Thomas Reichart (rechts) im Gespräch mit Jan Ehlert und dem Publikum. Foto: t&w

Das Ende einer Partnerschaft

Lüneburg. Jahrzehntelang wurden Themen von großem Desinteresse mit dem sprichwörtlichen Sack Reis, der in China umfällt, gleichgesetzt. Wer noch immer mit dieser Mischung aus westlicher Arroganz und Naivität auf die neue Supermacht schaut, der blendet bedeutende Teile der wirtschaftspolitischen Realität aus. Spätestens seit China die „neue Seidenstraße“ (dazu zählen rund 100 Länder) mit moderner Infrastruktur ausstattet, sollte sich der Westen seine bisweilen gönnerhafte Haltung abgewöhnen.

Der Journalist Thomas Reichart kennt sich bestens mit dem politischen System, der 1,4 Milliarden Menschen zählenden Gesellschaft und dem wirtschaftlichen „Powerplayer“ aus, denn er leitete von 2014 bis 2019 das ZDF-Studio Ostasien in Peking. Jetzt stellte er im Rahmen der Reihe „Was uns bewegt“ auf Einladung des Literaturbüros Lüneburg im Glockenhaus sein neues Buch vor. „Das Feuer des Drachens“ lautet dessen Titel. Im Gespräch mit dem NDR-Redakteur Jan Ehlert ordnete der Korrespondent die Entwicklung Chinas in der Weltpolitik erfahren, eloquent und klug ein.

Der Titel: "Das Feuer des Drachen"

Und er räumte mit einigen Vorurteilen auf. Es stimmt: Die chinesische Bevölkerung arbeitet sehr viel mehr als europäische Bevölkerungen. 9-9-6 heißt der Schlüssel und bedeutet: Es wird von 9 bis 21 Uhr gearbeitet, an sechs Tagen die Woche. Rund 30 Urlaubstage hat ein deutscher Arbeitnehmer, ein chinesischer hingegen nur zwischen fünf und 15. Kinder gehen bis 17 Uhr in die Schule, machen anschließend Hausaufgaben, um danach an Instituten weiter zu lernen.

Aber, so erzählte der Journalist, augenzwinkernd: Es gibt auch Anarchie in dem Kontrollstaat. Nämlich im Autoverkehr. U-Turns werden immer dann gemacht, wo und wenn sie gerade notwendig scheinen. Und auf Autobahnen wird schon mal Schritttempo gefahren, wenn parallel Nachrichten auf dem Handy getippt werden müssen. Allerdings sei es durchaus möglich, dass Bilder oder Nachrichten von den staatlichen Kontrollbehörden zensiert und nie ankommen würden.

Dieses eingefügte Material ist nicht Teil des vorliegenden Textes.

(* There is an absolute constant $C>0$ such that the following holds. Let $k\ge1$, $\mathcal{R}>0$, and let $(\lambda_i,u_i),(\lambda_i',u_i')\in\mathbb{R}\times\mathbb{S}^{d-1}$ for $i\in[k]$ with $\sum_i|\lambda_i|\le\mathcal{R}$ and $\sum_i|\lambda_i'|\le\mathcal{R}$. Let $f_{\vec\lambda,\vec u}(x)=\sum_{i=1}^k\lambda_i\mathrm{ReLU}(\langle u_i,x\rangle)$ and similarly $f_{\vec\lambda',\vec u'}$. Then $$\|f_{\vec\lambda,\vec u}-f_{\vec\lambda',\vec u'}\|_2\le C\,k\max(1,\mathcal{R})\cdot d_{\mathsf{param}}\big((\vec\lambda,\vec u),(\vec\lambda',\vec u')\big).$$
   Context: $\mathrm{ReLU}(a)=\max(0,a)$. For $f:\mathbb{R}^d\to\mathbb{R}$, $\|f\|_2^2=\mathbb{E}_{x\sim\mathcal{N}(0,I_d)}[f(x)^2]$. The parameter distance is $d_{\mathsf{param}}((\vec\lambda,\vec u),(\vec\lambda',\vec u'))=\min_\pi\max_{i\in[k]}\{|\lambda_i-\lambda'_{\pi(i)}|+\|u_i-u'_{\pi(i)}\|\}$, the minimum over permutations $\pi$ of $[k]$, with $\|\cdot\|$ the Euclidean norm. *)

From HB Require Import structures.
From mathcomp Require Import all_boot all_order all_algebra all_fingroup.
From mathcomp Require Import all_classical all_reals all_analysis.
Set Implicit Arguments. Unset Strict Implicit. Unset Printing Implicit Defensive.
Import Order.TTheory GRing.Theory Num.Theory.
Local Open Scope ring_scope.

Section Defs.
Context {R : realType}.

Definition relu (a : R) : R := Num.max 0 a.

Definition dotv (d : nat) (u x : 'rV[R]_d) : R := \sum_(j < d) u ord0 j * x ord0 j.
Definition enorm (d : nat) (u : 'rV[R]_d) : R := Num.sqrt (dotv u u).

(* Iterated Gaussian integral: coordinate n (0-based) of the argument is
   integrated against the standard normal N(0,1) on R, for n < d.
   For nonnegative integrands this is (by Tonelli) the expectation
   under N(0, I_d). *)
Fixpoint gauss_iter (n : nat) (g : (nat -> R) -> \bar R) : \bar R :=
  match n with
  | 0 => g (fun _ => 0)
  | n'.+1 => (\int[normal_prob 0 1]_t
                gauss_iter n' (fun x => g (fun i => if i == n' then t else x i)))%E
  end.

Definition gauss_sq_exp (d : nat) (f : 'rV[R]_d -> R) : \bar R :=
  gauss_iter d (fun x => ((f (\row_(j < d) x j)) ^+ 2)%:E).

Definition L2norm (d : nat) (f : 'rV[R]_d -> R) : \bar R :=
  match gauss_sq_exp f with
  | EFin r => (Num.sqrt r)%:E
  | _ => +oo%E
  end.

Definition relu_net (k d : nat) (lam : 'I_k -> R) (u : 'I_k -> 'rV[R]_d)
  (x : 'rV[R]_d) : R :=
  \sum_(i < k) lam i * relu (dotv (u i) x).

Definition dperm (k d : nat) (lam lam' : 'I_k -> R) (u u' : 'I_k -> 'rV[R]_d)
  (s : 'S_k) : R :=
  \big[Num.max/0]_(i < k) (`|lam i - lam' (s i)| + enorm (u i - u' (s i))).

(* d_param = min over permutations (seeded with the identity permutation,
   which is itself in the range, so this is exactly the minimum) *)
Definition dparam (k d : nat) (lam lam' : 'I_k -> R) (u u' : 'I_k -> 'rV[R]_d) : R :=
  \big[Num.min/dperm lam lam' u u' 1%g]_(s : 'S_k) dperm lam lam' u u' s.

End Defs.

From HB Require Import structures.
From mathcomp Require Import all_boot all_order all_algebra all_fingroup.
From mathcomp Require Import all_classical all_reals all_analysis.
From mathcomp Require Import measurable_realfun.
From mathcomp Require Import ring lra.
Import Order.TTheory GRing.Theory Num.Theory.
Import numFieldTopology.Exports numFieldNormedType.Exports.
Local Open Scope ring_scope.
Local Open Scope classical_set_scope.

(* Fix a permutation s attaining d_param and pair neuron i of the first network
   with neuron s i of the second. Since
     l relu a - l' relu b = (l - l') relu a + l' (relu a - relu b)
   and relu is 1-Lipschitz, |f(x) - f'(x)| is at most a sum of 2k terms
   |<v_p, x>|, with v = |l_i - l'_(s i)| u_i and |l'_(s i)| (u_i - u'_(s i)),
   so (f - f')(x)^2 <= 2k sum_p <v_p, x>^2 by Cauchy-Schwarz.  For a standard
   Gaussian x, E <v, x>^2 <= K |v|^2, where K bounds E t^2 for t ~ N(0, 1);
   this is proved one coordinate at a time, using that a nonnegative quadratic
   A + B t + C t^2 has Gaussian integral at most A + C K because the odd term
   cancels under t |-> -t.  Finally sum_p |v_p|^2 <= 2k max(1, R)^2 d_param^2,
   whence ||f - f'||_2 <= 2 sqrt K k max(1, R) d_param. *)

Section finite_sums.
Context {R : realFieldType}.

Lemma sqr_sum_le_card {I : finType} (z : I -> R) :
  (\sum_i z i) ^+ 2 <= #|I|%:R * \sum_i z i ^+ 2.
Proof.
have sqr_sum : (\sum_i z i) ^+ 2 = \sum_i \sum_j z i * z j.
  by rewrite expr2 mulr_suml; apply: eq_bigr => i _; rewrite mulr_sumr.
have card_sum : #|I|%:R * \sum_i z i ^+ 2 = \sum_i \sum_(j : I) z i ^+ 2.
  by rewrite mulr_sumr; apply: eq_bigr => i _; rewrite sumr_const mulr_natl.
have : 0 <= \sum_i \sum_j (z i - z j) ^+ 2.
  by apply: sumr_ge0 => i _; apply: sumr_ge0 => j _; exact: sqr_ge0.
have -> : \sum_i \sum_j (z i - z j) ^+ 2 =
    \sum_i \sum_(j : I) z i ^+ 2 + \sum_(i : I) \sum_j z j ^+ 2
    - 2 * \sum_i \sum_j z i * z j.
  rewrite mulr_sumr -big_split -sumrB /=; apply: eq_bigr => i _.
  by rewrite mulr_sumr -big_split -sumrB /=; apply: eq_bigr => j _; ring.
by rewrite [X in _ + X - _]exchange_big /= -card_sum -sqr_sum; lra.
Qed.

Lemma sum_prod_bool {V : nmodType} (I : finType) (F : I * bool -> V) :
  \sum_p F p = \sum_i (F (i, true) + F (i, false)).
Proof.
transitivity (\sum_i \sum_(b : bool) F (i, b)).
  by rewrite pair_bigA; apply: eq_bigr => -[].
by apply: eq_bigr => i _; rewrite big_bool.
Qed.

End finite_sums.

Section dot_product.
Context {R : realType}.

Lemma dotvBl {d} (u v x : 'rV[R]_d) : dotv (u - v) x = dotv u x - dotv v x.
Proof. by rewrite /dotv -sumrB; apply: eq_bigr => j _; rewrite !mxE mulrBl. Qed.

Lemma dotvZl {d} (c : R) (u x : 'rV[R]_d) : dotv (c *: u) x = c * dotv u x.
Proof. by rewrite /dotv mulr_sumr; apply: eq_bigr => j _; rewrite !mxE mulrA. Qed.

Lemma sqr_enorm {d} (u : 'rV[R]_d) : enorm u ^+ 2 = dotv u u.
Proof. by rewrite /enorm sqr_sqrtr // sumr_ge0 // => j _; rewrite -expr2 sqr_ge0. Qed.

Lemma sqr_enormZ {d} (c : R) (u : 'rV[R]_d) : enorm (c *: u) ^+ 2 = c ^+ 2 * enorm u ^+ 2.
Proof.
rewrite !sqr_enorm dotvZl /dotv mulr_sumr mulr_sumr; apply: eq_bigr => j _.
by rewrite mxE; ring.
Qed.

End dot_product.

Section nonmeasurable_integral.
Context d (T : measurableType d) (R : realType) (mu : {measure set T -> \bar R}).

(* No measurability is needed: the integral of a nonnegative function is the
   supremum of the integrals of its simple minorants. *)
Lemma nonmeasurable_ge0_le_integral (f g : T -> \bar R) :
  (forall x, 0 <= f x)%E -> (forall x, f x <= g x)%E ->
  (\int[mu]_x f x <= \int[mu]_x g x)%E.
Proof.
move=> f0 fg; have g0 x : (0 <= g x)%E := le_trans (f0 x) (fg x).
rewrite ge0_integralE //; rewrite [leRHS]ge0_integralE //.
apply: ereal_sup_le => _ [h hf <-]; exists h => //= x.
by apply: le_trans (hf x) _; rewrite /patch; case: ifP.
Qed.

End nonmeasurable_integral.

Section standard_normal.
Context {R : realType}.
Local Notation leb := (@lebesgue_measure R).
Local Notation N01 := (normal_prob (0 : R) 1).

Lemma ge0_integral_lebesgueN {f : R -> \bar R} : measurable_fun [set: R] f ->
  (forall x, 0 <= f x)%E -> (\int[leb]_x f (- x)%R = \int[leb]_x f x)%E.
Proof.
move=> mf f0.
transitivity (\int[pushforward leb (-%R : R -> measurableTypeR R)]_x f x)%E.
  by rewrite ge0_integral_pushforward.
by apply: eq_measure_integral => A mA _; exact: lebesgue_measureN.
Qed.

Lemma ge0_integral_normal_prob {f : R -> \bar R} : measurable_fun [set: R] f ->
  (forall x, 0 <= f x)%E ->
  (\int[N01]_x f x = \int[leb]_x (f x * (normal_pdf 0 1 x)%:E))%E.
Proof.
move=> mf f0; have dom := normal_prob_dominates (0 : R) 1.
have mpdf : measurable_fun [set: R] (fun x => (normal_pdf 0 1 x)%:E).
  by apply/measurable_EFinP; exact: measurable_normal_pdf.
rewrite -(Radon_Nikodym_SigmaFinite.change_of_variables dom) //.
apply: ae_eq_integral => //; first apply: emeasurable_funM => //.
- exact: measurable_int (Radon_Nikodym_SigmaFinite.f_integrable dom).
- exact: emeasurable_funM.
apply: ae_eqe_mul2l; apply: integral_ae_eq => //.
- exact: Radon_Nikodym_SigmaFinite.f_integrable.
- by move=> E _ mE; rewrite -Radon_Nikodym_SigmaFinite.f_integral.
Qed.

Lemma normal_pdfN (x : R) : normal_pdf 0 1 (- x) = normal_pdf 0 1 x.
Proof. by rewrite /normal_pdf oner_eq0 /normal_fun !subr0 sqrrN. Qed.

Lemma ge0_integral_normal_probN {f : R -> \bar R} : measurable_fun [set: R] f ->
  (forall x, 0 <= f x)%E -> (\int[N01]_x f (- x)%R = \int[N01]_x f x)%E.
Proof.
move=> mf f0; have mfN : measurable_fun [set: R] (fun x => f (- x)%R).
  exact: measurableT_comp.
have mpdf : measurable_fun [set: R] (fun x => (normal_pdf 0 1 x)%:E).
  by apply/measurable_EFinP; exact: measurable_normal_pdf.
have fpdf0 x : (0 <= f x * (normal_pdf 0 1 x)%:E)%E.
  by rewrite mule_ge0 // lee_fin normal_pdf_ge0.
rewrite !ge0_integral_normal_prob //.
rewrite -(ge0_integral_lebesgueN (emeasurable_funM mf mpdf) fpdf0).
by apply: eq_integral => x _; rewrite normal_pdfN.
Qed.

(* An upper bound (in fact 16) for the second moment of N(0, 1) that avoids
   computing it, from t^2 exp (- 3 t^2 / 8) <= 8. *)
Definition normal_moment2_ub : R := 8 * normal_peak 1 / normal_peak 2.

Lemma normal_moment2_ub_gt0 : 0 < normal_moment2_ub.
Proof.
apply: divr_gt0; first apply: mulr_gt0.
all: by rewrite ?ltr0n // normal_peak_gt0 ?oner_eq0 ?pnatr_eq0.
Qed.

Mehr Freiheit für Journalisten seit den Olympischen Spielen 2008

„Puh, der Bär“ etwa darf nicht verbreitet werden, da dem Staatschef Xi Jinping, der seit 2014 an der Macht ist, eine gewisse Ähnlichkeit mit Puh nachgesagt wird. Vor Xi Jinping hatte China sich dem Westen angenähert, es gab sogar eine gewisse Subkultur, Punkbands und ähnliches. Heute gilt das Primat der kommunistischen Partei, der Kommunismus als die effektivere Staatsform: Am Westen orientiert sich die asiatische Supermacht nicht mehr.

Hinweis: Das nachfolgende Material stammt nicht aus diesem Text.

Lemma dotv_le_dual_norm u v : dotv u v <= dual_norm nrm u * nrm v.
Proof.
have [->|v0] := eqVneq v 0; first by rewrite dotv0r nrm0 mulr0.
have [m m0 mnrm] := normr_le_nrm.
have nrmv0 := nrm_gt0 v0.
set A := [set dotv u x | x in [set x | nrm x = 1]].
have Av : A (dotv u ((nrm v)^-1 *: v)).
  by exists ((nrm v)^-1 *: v) => //=; rewrite nrmZ normfV gtr0_norm // mulVf ?gt_eqF.
have supA : has_sup A.
  split; first by exists (dotv u ((nrm v)^-1 *: v)).
  exists (n%:R * `|u| / m) => _ [x /= x1 <-].
  apply: le_trans (ler_norm _) (le_trans (normr_dotv_le _ _) _).
  rewrite ler_pdivlMr // -!mulrA ler_wpM2l // ler_piMr // -x1 mulrC; exact: mnrm.
by move: (sup_upper_bound supA Av); rewrite dotvZr mulrC ler_pdivrMr.
Qed.

End Norm.

(** * Convex functions and the descent lemma *)

Section LinearModel.
Variables (R : realType) (n : nat) (f : 'rV[R]_n -> R) (gradf : 'rV[R]_n -> 'rV[R]_n).

Lemma linmod_le :
  convex_funv f -> is_gradient f gradf ->
  forall x y, linmod f gradf x y <= f y.
Proof.
move=> cf gf x y; have [dfx dfE] := gf x; set v := y - x.
have dfv : derivable f x v := diff_derivable dfx.
suff : 'D_v f x <= f y - f x by rewrite /linmod -/v deriveE // dfE; lra.
rewrite /derive (cvg_at_rightE _ _ dfv); apply: limr_le.
  by apply: cvgP _ (cvg_dnbhs_at_right dfv).
near=> h; have h0 : 0 < h by near: h; exact: nbhs_right_gt.
have h1 : h < 1 by near: h; exact: nbhs_right_lt.
have := cf y x h; rewrite (ltW h0) (ltW h1) => /(_ isT).
have -> : h *: y + (1 - h) *: x = h *: v + x.
  by rewrite /v scalerBr scalerBl scale1r addrA addrAC.
by rewrite /= /GRing.scale /= ler_pdivrMl //; lra.
Unshelve. all: by end_near.
Qed.

Lemma linmodB xk y w : linmod f gradf xk y - linmod f gradf xk w = dotv (gradf xk) (y - w).
Proof. by rewrite /linmod !dotvBr; ring. Qed.

Lemma linmod_comb xk a p q : linmod f gradf xk (a *: p + (1 - a) *: q) =
  a * linmod f gradf xk p + (1 - a) * linmod f gradf xk q.
Proof. by rewrite /linmod !dotvBr dotvDr !dotvZr; ring. Qed.

End LinearModel.

Section Descent.
Variables (R : realType) (n : nat) (nrm : 'rV[R]_n -> R) (Q : set 'rV[R]_n)
  (f : 'rV[R]_n -> R) (gradf : 'rV[R]_n -> 'rV[R]_n) (L : R).
Hypothesis nrm_norm : is_norm nrm.
Hypothesis Q_convex : convex_setv Q.
Hypothesis f_convex : convex_funv f.
Hypothesis f_grad : is_gradient f gradf.
Hypothesis gradf_lipschitz : forall y w, Q y -> Q w ->
  dual_norm nrm (gradf y - gradf w) <= L * nrm (y - w).
Lemma isolated_by_refine (F : fieldType) (Vx : finType) (K N S : {set {set Vx}})
    (V1 V2 : {set {set {set Vx}}}) x p :
  partition V1 K -> partition V2 K -> refines V2 V1 -> isolated_by F K V1 S N ->
  Defs.fpath K V2 x p -> all (mem N) (x :: p) -> x \in S -> last x p \in S ->
  all (mem S) (x :: p).
Proof.
move=> part1 part2 ref [_ [NK _] _ _ isoS] xp xpN; apply: isoS => //.
apply: sub_in_path xpN xp => u v /(subsetP NK) uK _.
exact/subsetP/Fv_refine.
Qed.

Theorem proposition20 (F : finFieldType) (Vx : finType)
    (K N : {set {set Vx}}) (V1 V2 : {set {set {set Vx}}})
    (M1 M2 : {set {set Vx}}) :
  is_complex K -> is_closed K N ->
  mvf K V1 -> mvf K V2 -> refines V2 V1 ->
  isolated_by F K V1 M1 N ->
  isolated_by F K V2 M2 N -> minimal F K V2 M2 ->
  M1 :&: M2 != set0 ->
  M2 \subset M1.
Proof.
move=> _ _ [part1 _] [part2 _] ref iso1 iso2 min2 /set0Pn[a /setIP[aM1 aM2]].
have [_ _ M2N _ _] := iso2.
apply/subsetP => s sM2.
have /connectP[p1 a_p1 s_last] := minimal_connect part2 iso2 min2 aM2 sM2.
have /connectP[p2 s_p2 a_last] := minimal_connect part2 iso2 min2 sM2 aM2.
have cycle_a : path (Fv_rel K V2 M2) a (p1 ++ p2) by rewrite cat_path a_p1 -s_last.
have [a_cycle cycleM2] := path_Fv_rel aM2 cycle_a.
have cycleN : all (mem N) (a :: p1 ++ p2) by apply: sub_all cycleM2 => z /(subsetP M2N).
have cycleM1 : all (mem M1) (a :: p1 ++ p2).
  apply: (isolated_by_refine part1 part2 ref iso1 a_cycle cycleN aM1).
  by rewrite last_cat -s_last -a_last.
by apply: (allP cycleM1); rewrite -cat_cons mem_cat s_last mem_last.
Qed.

Dass es Journalisten gleichwohl gelingt, kritisch über China zu berichten, liege zum einen an der Langzeitwirkung der Olympischen Spiele im Jahr 2008. „Seitdem können wir uns relativ frei bewegen. Unsere Berichte werden direkt nach Mainz geschickt“, erklärte Reichart. Bei zu viel offener Kritik, könnte allerdings die Technik am nächsten Tag „streiken“, das sei als „Zeichen“ zu verstehen. Zum anderen verhindere der Handelskrieg mit den USA eine weitere Eskalation mit den europäischen Staaten.

Wie kann man „der neuen Form des Kolonialismus“ durch China begegnen? Haben die europäischen Länder überhaupt eine Chance, dieser Macht, die in Nullkommanichts neue Flughäfen, Wohnbebauung und Krankenhäuser – alles ohne langwierige Planfeststellungsverfahren, versteht sich – aus dem Boden stampft, entgegen zu treten? „Nicht in Angst erstarren“, macht der Experte deutlich. „Wir haben alles, was wir brauchen, um diese Herausforderung zu meistern“. Aber das gehe nur als „europäische Mannschaft“, mittels Integration und Zusammenarbeit. Denn die Zeit der strategischen Partnerschaft sei vorbei. „China ist ein systemischer Rivale, auch wenn das in Berlin noch nicht ganz angekommen ist“.